# [DATA RECORDS]
+ + + +
(* Let $A$ be a positive word in the band generators with $e\le A\le\delta$. Then $A$ has no decomposition $A=BaCbD$ with $B,C,D$ positive words (possibly empty), $a,b$ band generators, and $(a,b)$ an obstructing pair.
   Context: $B_n$ is the $n$-string braid group with band generators $a_{ts}=(\sigma_{t-1}\cdots\sigma_{s+1})\sigma_s(\sigma_{s+1}^{-1}\cdots\sigma_{t-1}^{-1})$, $n\ge t>s\ge1$; $e$ is the identity, and a positive word is a word in positive powers of the $a_{ts}$. $\delta=a_{n(n-1)}\cdots a_{21}$. For $V,W\in B_n$, $V\le W$ means $W=P_1VP_2$ with $P_1,P_2$ represented by positive words. An ordered pair $(a,b)$ of band generators is an obstructing pair if, for some integers $n\ge t>s>r>q\ge1$, it is one of: (1) $(a_{tr},a_{sq})$; (2) $(a_{sq},a_{tr})$; (3) $(a_{sr},a_{ts})$; (4) $(a_{ts},a_{tr})$; (5) $(a_{tr},a_{sr})$; (6) $(a_{ts},a_{ts})$ (for cases (4)-(6) only the indices appearing matter). *)

From mathcomp Require Import all_boot.
Set Implicit Arguments.
Unset Strict Implicit.
Unset Printing Implicit Defensive.

(* A letter (i, true) is sigma_i, (i, false) is sigma_i^{-1}.             *)
Definition letter := (nat * bool)%type.
Definition bword := seq letter.

Inductive brel (n : nat) : bword -> bword -> Prop :=
| brel_inv1 i : 1 <= i -> i < n -> brel n [:: (i, true); (i, false)] [::]
| brel_inv2 i : 1 <= i -> i < n -> brel n [:: (i, false); (i, true)] [::]
| brel_comm i j : 1 <= i -> j < n -> i.+1 < j ->
    brel n [:: (i, true); (j, true)] [:: (j, true); (i, true)]
| brel_braid i : 1 <= i -> i.+1 < n ->
    brel n [:: (i, true); (i.+1, true); (i, true)]
           [:: (i.+1, true); (i, true); (i.+1, true)].

Inductive beq (n : nat) : bword -> bword -> Prop :=
| beq_rel u x y v : brel n x y -> beq n (u ++ x ++ v) (u ++ y ++ v)
| beq_refl w : beq n w w
| beq_sym w1 w2 : beq n w1 w2 -> beq n w2 w1
| beq_trans w1 w2 w3 : beq n w1 w2 -> beq n w2 w3 -> beq n w1 w3.

(* A band generator a_{ts} is represented by the pair (t, s). *)
Definition band := (nat * nat)%type.

Definition is_band (n : nat) (a : band) : Prop := 1 <= a.2 /\ a.2 < a.1 /\ a.1 <= n.

(* a_{ts} = (sigma_{t-1} ... sigma_{s+1}) sigma_s (sigma_{s+1}^{-1} ... sigma_{t-1}^{-1}) *)
Definition band_word (a : band) : bword :=
  let t := a.1 in let s := a.2 in
  [seq (i, true) | i <- rev (iota s.+1 (t - s.+1))] ++ [:: (s, true)] ++
  [seq (i, false) | i <- iota s.+1 (t - s.+1)].

Definition pword := seq band.

Definition is_pword (n : nat) (P : pword) : Prop := forall a, a \in P -> is_band n a.

Definition pw_braid (P : pword) : bword := flatten [seq band_word a | a <- P].

Definition delta_pw (n : nat) : pword := [seq (k.+1, k) | k <- rev (iota 1 n.-1)].

Definition ble (n : nat) (V W : bword) : Prop :=
  exists P1 P2 : pword, is_pword n P1 /\ is_pword n P2 /\
    beq n W (pw_braid P1 ++ V ++ pw_braid P2).

Definition obstructing (n : nat) (a b : band) : Prop :=
  (exists t s r q, [/\ n >= t, t > s, s > r, r > q & q >= 1] /\
     ((a, b) = ((t, r), (s, q)) \/ (a, b) = ((s, q), (t, r))
      \/ (a, b) = ((s, r), (t, s))))
  \/ (exists t s r, [/\ n >= t, t > s, s > r & r >= 1] /\
     ((a, b) = ((t, s), (t, r)) \/ (a, b) = ((t, r), (s, r))))
  \/ (exists t s, [/\ n >= t, t > s & s >= 1] /\ (a, b) = ((t, s), (t, s))).

(* Map braids to permutations of {1, ..., n}: sigma_i goes to (i i+1), the band generator a_ts
   to (s t), and delta to the n-cycle 1 -> 2 -> ... -> n -> 1.  Exponent sums show that any
   factorisation P1 A P2 of delta has n - 1 band generators; writing A = B a C b D and moving
   a and b to the right by conjugation, delta * a_b * a_a becomes a product of n - 3
   transpositions, hence has at least 4 cycles on the n + 1 points {0, ..., n}.  On the other
   hand, multiplying the n-cycle by the transposition of b = a_ts cuts it into the arc
   {s, ..., t-1} and its complement, and for an obstructing pair (a, b) exactly one endpoint of
   a lies on that arc, so the transposition of a joins the two cycles again; with the fixed
   point 0 only 2 cycles remain. *)

From mathcomp Require Import all_boot ssralg ssrint fingroup perm zify.
Set Implicit Arguments.
Unset Strict Implicit.
Unset Printing Implicit Defensive.
Import GroupScope.

Section TranspositionProducts.
Variable T : finType.
Implicit Types (x y z w : T) (s g : {perm T}) (L : seq (T * T)).

Lemma tperm_commute x y z w : x != z -> x != w -> y != z -> y != w ->
  commute (tperm x y) (tperm z w).
Proof.
by move=> xz xw yz yw; rewrite /commute [RHS]conjgC tpermJ !tpermD.
Qed.

Lemma mul_tperm_conj x y s : tperm x y * s * tperm x y = s ^ tperm x y.
Proof. by rewrite conjgE tpermV mulgA. Qed.

Lemma tperm_braid x y z : x != y -> y != z -> x != z ->
  tperm x y * tperm y z * tperm x y = tperm y z * tperm x y * tperm y z.
Proof.
move=> xy yz xz; rewrite !mul_tperm_conj !tpermJ tpermL tpermR.
by rewrite tpermD // 1?eq_sym // tpermD // eq_sym.
Qed.

Definition tprod L : {perm T} := \prod_(p <- L) tperm p.1 p.2.

Lemma tprod_cons p L : tprod (p :: L) = tperm p.1 p.2 * tprod L.
Proof. by rewrite /tprod big_cons. Qed.

Lemma tprod_cat L1 L2 : tprod (L1 ++ L2) = tprod L1 * tprod L2.
Proof. by rewrite /tprod big_cat. Qed.

Lemma mul_tprod g L :
  g * tprod L = tprod [seq (g^-1 p.1, g^-1 p.2) | p <- L] * g.
Proof.
elim: L => [|p L IH]; first by rewrite /tprod !big_nil mulg1 mul1g.
have swap : g * tperm p.1 p.2 = tperm (g^-1 p.1) (g^-1 p.2) * g.
  by rewrite -tpermJ conjgE invgK mulgA mulgKV.
by rewrite /= !tprod_cons mulgA swap -!mulgA IH.
Qed.

Lemma tprod_move_tperms_right x y u v L M :
  exists2 Z, size Z = size L + size M &
    tperm x y * tprod L * tperm u v * tprod M = tprod Z * tperm x y * tperm u v.
Proof.
rewrite -(mulgA _ (tperm u v)) (mul_tprod (tperm u v)) mulgA -(mulgA (tperm x y)).
rewrite -tprod_cat mul_tprod.
by eexists; last reflexivity; rewrite size_map size_cat size_map.
Qed.

Lemma card_porbits1 : #|porbits (1 : {perm T})| = #|T|.
Proof.
rewrite card_in_imset // => x y _ _ Exy.
have /porbitP[i ->] : x \in porbit 1 y by rewrite -Exy porbit_id.
by rewrite expg1n perm1.
Qed.

Lemma card_porbits_tprod L : #|T| <= #|porbits (tprod L)| + size L.
Proof.
elim: L => [|p L]; first by rewrite /tprod big_nil card_porbits1 addn0.
have := porbits_mul_tperm (tprod L) p.1 p.2; rewrite tprod_cons /=.
case: (eqVneq p.1 p.2) => [->|_]; first by rewrite porbit_id /=; lia.
by case: (_ \in _); rewrite /= -addnn; lia.
Qed.

Lemma porbits_mul_tpermr s x y :
  #|porbits (s * tperm x y)| + (x \notin porbit s y).*2 = #|porbits s| + (x != y).
Proof.
by rewrite -porbitsV invMg tpermV -porbitV porbits_mul_tperm porbitsV.
Qed.

Lemma card_porbits_mul_tperm_le s x y : #|porbits (s * tperm x y)| <= #|porbits s| + 1.
Proof.
have := porbits_mul_tpermr s x y.
by case: (_ \notin _); case: (_ != _); rewrite /= -?addnn; lia.
Qed.

Lemma card_porbits_mul_tperm_lt s x y :
  x \notin porbit s y -> #|porbits (s * tperm x y)| < #|porbits s|.
Proof.
move=> xy; have := porbits_mul_tpermr s x y; rewrite xy.
by case: (_ != _); rewrite /= -?addnn; lia.
Qed.

Lemma porbit_image s x : porbit s (s x) = porbit s x.
Proof. by have := porbit_perm s 1 x; rewrite expg1. Qed.

Lemma porbit_sub_stable s (S : {set T}) x :
  {in S, forall y, s y \in S} -> x \in S -> porbit s x \subset S.
Proof.
move=> stableS Sx; apply/subsetP => _ /porbitP[i ->].
elim: i => [|i IH]; first by rewrite expg0 perm1.
by rewrite expgSr permM stableS.
Qed.

End TranspositionProducts.

Lemma pw_braid_cat P Q : pw_braid (P ++ Q) = pw_braid P ++ pw_braid Q.
Proof. by rewrite /pw_braid map_cat flatten_cat. Qed.

Lemma is_pword_cons n a P : is_band n a -> is_pword n P -> is_pword n (a :: P).
Proof. by move=> ha hP x; rewrite inE => /predU1P[->|/hP]. Qed.

Lemma is_pword_cat n P Q : is_pword n P -> is_pword n Q -> is_pword n (P ++ Q).
Proof. by move=> hP hQ x; rewrite mem_cat => /orP[/hP|/hQ]. Qed.

Lemma is_pword_delta_pw n : is_pword n (delta_pw n).
Proof.
by move=> x /mapP[k]; rewrite mem_rev mem_iota => hk ->; rewrite /is_band /=; lia.
Qed.

Section ExponentSum.
Import GRing.Theory.
Local Open Scope ring_scope.

Definition exponent_sum (w : bword) : int := \sum_(l <- w) (if l.2 then 1 else -1).

Lemma exponent_sum_cat u v : exponent_sum (u ++ v) = exponent_sum u + exponent_sum v.
Proof. by rewrite /exponent_sum big_cat. Qed.

Lemma beq_exponent_sum n w1 w2 : beq n w1 w2 -> exponent_sum w1 = exponent_sum w2.
Proof.
elim=> [u x y v hxy|w|w1' w2' _ ->|w1' w2' w3' _ -> _ ->] //.
rewrite !exponent_sum_cat /exponent_sum; congr (_ + (_ + _)).
by case: hxy => *; rewrite !big_cons !big_nil /=; lia.
Qed.

Lemma exponent_sum_const b (r : seq nat) :
  exponent_sum [seq (i, b) | i <- r] = (if b then 1 else -1) *+ size r.
Proof.
elim: r => [|i r IH]; first by rewrite /exponent_sum big_nil.
by rewrite /exponent_sum big_cons -/(exponent_sum _) IH mulrS.
Qed.

Lemma exponent_sum_band_word a : exponent_sum (band_word a) = 1.
Proof.
rewrite /band_word !exponent_sum_cat !exponent_sum_const size_rev.
by rewrite /exponent_sum big_cons big_nil /= addr0 addrCA mulNrn subrr addr0.
Qed.

Lemma exponent_sum_pw_braid P : exponent_sum (pw_braid P) = (size P)%:Z.
Proof.
elim: P => [|a P IH]; first by rewrite /exponent_sum big_nil.
by rewrite /pw_braid /= -/(pw_braid P) exponent_sum_cat IH exponent_sum_band_word; lia.
Qed.

Lemma beq_pw_braid_size n P Q : beq n (pw_braid P) (pw_braid Q) -> size P = size Q.
Proof. by move/beq_exponent_sum; rewrite !exponent_sum_pw_braid => -[]. Qed.

End ExponentSum.

Section PermutationRepresentation.
Variable n : nat.
Notation T := 'I_n.+1.

(* sigma_i and sigma_i^-1 both act as the transposition (i i+1); the point 0 of 'I_n.+1 stays
   fixed throughout. *)
Definition sigma_perm (l : letter) : {perm T} := tperm (inord l.1) (inord l.1.+1).

Definition word_perm (w : bword) : {perm T} := \prod_(l <- w) sigma_perm l.

Lemma word_perm_cat u v : word_perm (u ++ v) = word_perm u * word_perm v.
Proof. by rewrite /word_perm big_cat. Qed.

Lemma inord_eq x y : x <= n -> y <= n -> (inord x == inord y :> T) = (x == y).
Proof.
move=> hx hy; apply/eqP/eqP => [/(congr1 val)|->//].
by rewrite /= !inordK.
Qed.

Lemma val_tperm_inord u v (x : T) : u <= n -> v <= n ->
  nat_of_ord (tperm (inord u) (inord v) x) =
    if x == u :> nat then v else if x == v :> nat then u else x.
Proof.
move=> hu hv; case: tpermP => [->|->|ne_u ne_v] /=; rewrite ?inordK ?eqxx //.
- by case: eqP => [->|].
have nat_ne w : w <= n -> x <> inord w -> (val x == w) = false.
  by move=> hw ne_w; apply/eqP => eq_w; apply: ne_w; rewrite -eq_w inord_val.
by rewrite !nat_ne.
Qed.

Lemma brel_word_perm x y : brel n x y -> word_perm x = word_perm y.
Proof.
rewrite /word_perm /sigma_perm.
case=> [i _ _|i _ _|i j hi hj hij|i hi hin]; rewrite !big_cons !big_nil /= ?mulg1.
- by rewrite tperm2.
- by rewrite tperm2.
- by apply: tperm_commute; rewrite inord_eq; lia.
- by rewrite !mulgA tperm_braid // inord_eq; lia.
Qed.

Lemma beq_word_perm w1 w2 : beq n w1 w2 -> word_perm w1 = word_perm w2.
Proof.
elim=> [u x y v /brel_word_perm E|w|w1' w2' _ ->|w1' w2' w3' _ -> _ ->] //.
by rewrite !word_perm_cat E.
Qed.

Definition band_points (a : band) : T * T := (inord a.2, inord a.1).

Lemma band_word_succ t s : s < t ->
  band_word (t.+1, s) = (t, true) :: band_word (t, s) ++ [:: (t, false)].
Proof.
move=> st; rewrite /band_word /=.
have -> : t.+1 - s.+1 = (t - s.+1) + 1 by lia.
rewrite iotaD rev_cat !map_cat /= -!catA /=.
by have -> : s.+1 + (t - s.+1) = t by lia.
Qed.

Lemma word_perm_band_word a : is_band n a ->
  word_perm (band_word a) = tperm (inord a.2) (inord a.1).
Proof.
case: a => t s [/= s_gt0 [st tn]]; elim: t st tn => [//|t IH] st tn.
case: (eqVneq s t) => [<-|ts].
  by rewrite /band_word /= subnn /word_perm big_cons big_nil mulg1.
rewrite band_word_succ; last lia.
rewrite /word_perm big_cons -/(word_perm _) word_perm_cat IH; [|lia|lia].
rewrite /word_perm big_cons big_nil mulg1 mulgA mul_tperm_conj tpermJ /=.
by rewrite tpermL tpermD // inord_eq; lia.
Qed.

Lemma word_perm_pw_braid P : is_pword n P ->
  word_perm (pw_braid P) = tprod [seq band_points a | a <- P].
Proof.
elim: P => [|a P IH] hP; first by rewrite /word_perm /tprod !big_nil.
rewrite /= tprod_cons /pw_braid /= -/(pw_braid P) word_perm_cat.
rewrite word_perm_band_word ?IH //; last by apply: hP; rewrite mem_head.
by move=> b Pb; apply: hP; rewrite in_cons Pb orbT.
Qed.

Definition delta_prefix (m : nat) : pword := [seq (k.+1, k) | k <- rev (iota 1 m)].

Lemma val_delta_prefix_perm m (x : T) : m < n ->
  nat_of_ord (tprod [seq band_points a | a <- delta_prefix m] x) =
    if 0 < x <= m then x.+1 else if x == m.+1 :> nat then 1%N else x.
Proof.
elim: m x => [|m IH] x mn.
  by rewrite /tprod big_nil perm1; repeat case: ifP; move=> *; lia.
rewrite /delta_prefix -[m.+1]addn1 iotaD rev_cat /= -/(delta_prefix m) tprod_cons permM.
rewrite IH; last lia.
rewrite /= val_tperm_inord; [|lia|lia].
by repeat case: ifP; move=> *; lia.
Qed.

Definition delta_perm : {perm T} := tprod [seq band_points a | a <- delta_pw n].

Lemma delta_perm_succ x : 0 < x < n -> delta_perm (inord x) = inord x.+1.
Proof.
move=> hx; apply: val_inj => /=.
rewrite /delta_perm -/(delta_prefix n.-1) val_delta_prefix_perm; last lia.
by rewrite !inordK ?ifT //; lia.
Qed.

Lemma porbit_delta_perm x : 0 < x <= n ->
  porbit delta_perm (inord x) = porbit delta_perm (inord 1).
Proof.
elim: x => [//|[//|x] IH] hx.
rewrite -delta_perm_succ; last lia.
by rewrite porbit_image IH //; lia.
Qed.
+ + + +
Only the lines that hold the word "Require" are wanted; each should be pulled from the records.

# [FINISHED EXERCISE]
From mathcomp Require Import all_boot.
From mathcomp Require Import all_boot ssralg ssrint fingroup perm zify.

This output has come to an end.